173 Comments | Add A Comment

173 Comments

What to Expect

With Intel going for a full YUHS launch today, looking up and down the stack there are a number of interesting things to consider at each segment. Starting with Skylake-Y, or Core M, the new branding to m7/m5/m3 will hopefully make it easier for users to ascertain the performance of their processor, but it also allows Intel to inject vPro into various SKUs, such as the upcoming update to Intel’s Compute Stick.

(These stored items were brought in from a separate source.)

(* Complete positivity of tau gives, by Choi's theorem, Kraus operators K_r with
   tau (blk_part X) = sum_r K_r^* X K_r; since tau preserves the block algebra,
   the cuts E_j K_r E_l by the block projections E_j are Kraus operators too.
   Given a nontrivial subspace V of row vectors invariant under all cuts, the
   least subspace containing V and the largest one inside V that are stable
   under every E_j are invariant as well; unless all cuts vanish, one of them
   is proper and nonzero, and its orthogonal projection lies in the block
   algebra and reduces tau.  So for irreducible tau the cuts generate M_m, by
   Burnside's theorem.  Conversely, if generators A_i give
   tau X = sum_i A_i^* X A_i on the block algebra and tau (P A P) <= P A P for
   a projection P, then P A_i (1 - P) = 0 for all i, hence P X (1 - P) = 0 for
   all X, and P is 0 or 1. *)

From HB Require Import structures.
From mathcomp Require Import all_boot all_order all_algebra.
From Stdlib Require Import Classical.
From mathcomp Require Import zify.
Set Implicit Arguments. Unset Strict Implicit. Unset Printing Implicit Defensive.
Import Order.TTheory GRing.Theory Num.Theory.
Local Open Scope ring_scope.

Section Adjoint.
Variable C : numClosedFieldType.

Lemma adjmxE k l (M : 'M[C]_(k, l)) i j : adjmx M i j = (M j i)^*.
Proof. by rewrite /adjmx !mxE. Qed.

Lemma adjmxK k l (M : 'M[C]_(k, l)) : adjmx (adjmx M) = M.
Proof. by apply/matrixP=> i j; rewrite !adjmxE conjCK. Qed.

Lemma adjmxM k l r (A : 'M[C]_(k, l)) (B : 'M[C]_(l, r)) :
  adjmx (A *m B) = adjmx B *m adjmx A.
Proof.
apply/matrixP=> i j; rewrite adjmxE !mxE rmorph_sum; apply: eq_bigr => s _.
by rewrite !adjmxE rmorphM mulrC.
Qed.

Lemma adjmxB k l (A B : 'M[C]_(k, l)) : adjmx (A - B) = adjmx A - adjmx B.
Proof. by apply/matrixP=> i j; rewrite !adjmxE !mxE rmorphB. Qed.

Lemma adjmx0 k l : adjmx (0 : 'M[C]_(k, l)) = 0.
Proof. by apply/matrixP=> i j; rewrite adjmxE !mxE rmorph0. Qed.

Lemma adjmx1 k : adjmx (1%:M : 'M[C]_k) = 1%:M.
Proof.
apply/matrixP=> i j; rewrite adjmxE !mxE eq_sym.
by case: eqP; rewrite ?rmorph1 ?rmorph0.
Qed.

Lemma adjmx_delta k l (i : 'I_k) (j : 'I_l) :
  adjmx (delta_mx i j : 'M[C]_(k, l)) = delta_mx j i.
Proof.
apply/matrixP=> a b; rewrite adjmxE !mxE.
by case: (a == j); case: (b == i); rewrite ?rmorph0 ?rmorph1.
Qed.

Lemma adjmx_invmx k (A : 'M[C]_k) : adjmx (invmx A) = invmx (adjmx A).
Proof. by rewrite /adjmx map_invmx trmx_inv. Qed.

Lemma sum_adjmx_mul_eq0 k l (I : finType) (B : I -> 'M[C]_(k, l)) :
  \sum_i adjmx (B i) *m B i = 0 -> forall i, B i = 0.
Proof.
move=> sum0 i; apply/matrixP=> r s; rewrite mxE.
have diagE j : (adjmx (B j) *m B j) s s = \sum_r `|B j r s| ^+ 2.
  by rewrite mxE; apply: eq_bigr => r' _; rewrite adjmxE normCK mulrC.
have /eqP : (\sum_j adjmx (B j) *m B j) s s = 0 by rewrite sum0 mxE.
rewrite summxE (eq_bigr _ (fun j _ => diagE j)).
rewrite psumr_eq0 => [/allP/(_ i (mem_index_enum i))|j _]; last first.
  by rewrite sumr_ge0 // => r' _; rewrite exprn_ge0.
rewrite implyTb psumr_eq0 => [/allP/(_ r (mem_index_enum r))|r' _]; last first.
  by rewrite exprn_ge0.
by rewrite implyTb sqrf_eq0 normr_eq0 => /eqP.
Qed.

Lemma adjmx_mul_eq0 k l (Y : 'M[C]_(k, l)) : adjmx Y *m Y = 0 -> Y = 0.
Proof.
move=> Y0; have := @sum_adjmx_mul_eq0 _ _ 'I_1 (fun _ => Y).
by rewrite big_ord1 => /(_ Y0 ord0).
Qed.

End Adjoint.

Lemma mx_nz_entry (R : nmodType) k l (A : 'M[R]_(k, l)) :
  A != 0 -> exists i j, A i j != 0.
Proof.
move=> A0; have /existsP [i /existsP [j Aij]] : [exists i, exists j, A i j != 0].
  apply: contraNT A0 => /existsPn noA; apply/eqP/matrixP => i j.
  by move/existsPn: (noA i) => /(_ j) /negbNE /eqP ->; rewrite mxE.
by exists i, j.
Qed.

Lemma mx_nz_row (R : nmodType) k l (A : 'M[R]_(k, l)) :
  A != 0 -> exists i, row i A != 0.
Proof.
move=> /mx_nz_entry [i [j Aij]]; exists i.
by apply: contra_neq Aij => /rowP/(_ j); rewrite !mxE.
Qed.

Section Subspaces.
Variables (C : numClosedFieldType) (k : nat).

Definition subspace (P : 'rV[C]_k -> Prop) :=
  [/\ P 0, forall u v, P u -> P v -> P (u + v) & forall c v, P v -> P (c *: v)].

Lemma subspace_mx P :
  subspace P -> exists W : 'M[C]_k, forall v, (v <= W)%MS <-> P v.
Proof.
case=> P0 PD PZ.
suff grow r (W : 'M[C]_k) :
    (forall v, (v <= W)%MS -> P v) -> (k - \rank W <= r)%N ->
    exists W : 'M[C]_k, forall v, (v <= W)%MS <-> P v.
  by apply: (grow k 0) => [v|]; [rewrite submx0 => /eqP -> | rewrite leq_subr].
elim: r W => [|r IH] W WP rW.
  exists W => v; split=> [|_]; first exact: WP.
  by apply: submx_full; rewrite /row_full eqn_leq rank_leq_col; lia.
have [PW|] := classic (forall v, P v -> (v <= W)%MS).
  by exists W => v; split; [exact: WP | exact: PW].
move=> /not_all_ex_not [v notPW]; have [Pv vW] := imply_to_and _ _ notPW.
apply: (IH (W + v)%MS).
  move=> u /sub_addsmxP [[a b] ->] /=.
  apply: PD; first exact/WP/submxMl.
  by rewrite [b]mx11_scalar mul_scalar_mx; apply: PZ.
have : (\rank W < \rank (W + v))%N.
  apply: rank_ltmx; rewrite ltmxE addsmxSl /=; apply/negP => sub.
  by apply: vW; apply: submx_trans sub; exact: addsmxSr.
by have := rank_leq_col (W + v)%MS; lia.
Qed.

Lemma subspace_full_of_annihilator P : subspace P ->
  (forall w : 'rV[C]_k, (forall v, P v -> w *m v^T = 0) -> w = 0) ->
  forall v, P v.
Proof.
move=> sP ann; have [W WP] := subspace_mx sP.
have ker0 : kermx W^T = 0.
  apply/row_matrixP => z; rewrite row0; apply: ann => v /WP /submxP [D ->].
  by rewrite trmx_mul mulmxA -row_mul mulmx_ker row0 mul0mx.
move=> v; apply/WP/submx_full.
by move/eqP: ker0; rewrite kermx_eq0 /row_free mxrank_tr.
Qed.

Lemma subspace_nontrivial_dim P (v y : 'rV[C]_k) :
  subspace P -> P v -> v != 0 -> ~ P y -> (1 < k)%N.
Proof.
case=> _ _ PZ Pv v0 Py; rewrite ltnNge; apply/negP => k1; apply: Py.
have /submxP [a ->] : (y <= v)%MS.
  apply: submx_full; rewrite /row_full eqn_leq rank_leq_col /=.
  by apply: leq_trans k1 _; rewrite lt0n mxrank_eq0.
by rewrite [a]mx11_scalar mul_scalar_mx; apply: PZ.
Qed.

Definition is_orthoproj (W Q : 'M[C]_k) :=
  [/\ adjmx Q = Q, Q *m Q = Q, (Q <= W)%MS &
      forall l (A : 'M[C]_(l, k)), (A <= W)%MS -> A *m Q = A].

In the mini-PC space, through various sources in the industry, we are told that it is the vPro moniker for these devices (such as the NUC and Compute Stick) that generate the higher proportion of sales. At this point, the vPro versions of Core M are not due out until later in Q4/even Q1, but I assume we should see something at the Consumer Electronics Show during the first week of January.

One element we haven’t touched upon is how Intel will implement different TDP aspects to both its Skylake-Y and Skylake-U lines. With Haswell and Broadwell, most processors had a cTDP Up and a cTDP Down mode that allowed the device OEM to take a processor and move it slightly outside its normal TDP window, perhaps to take advantage of a chassis design they already had and either increase battery life or increase performance.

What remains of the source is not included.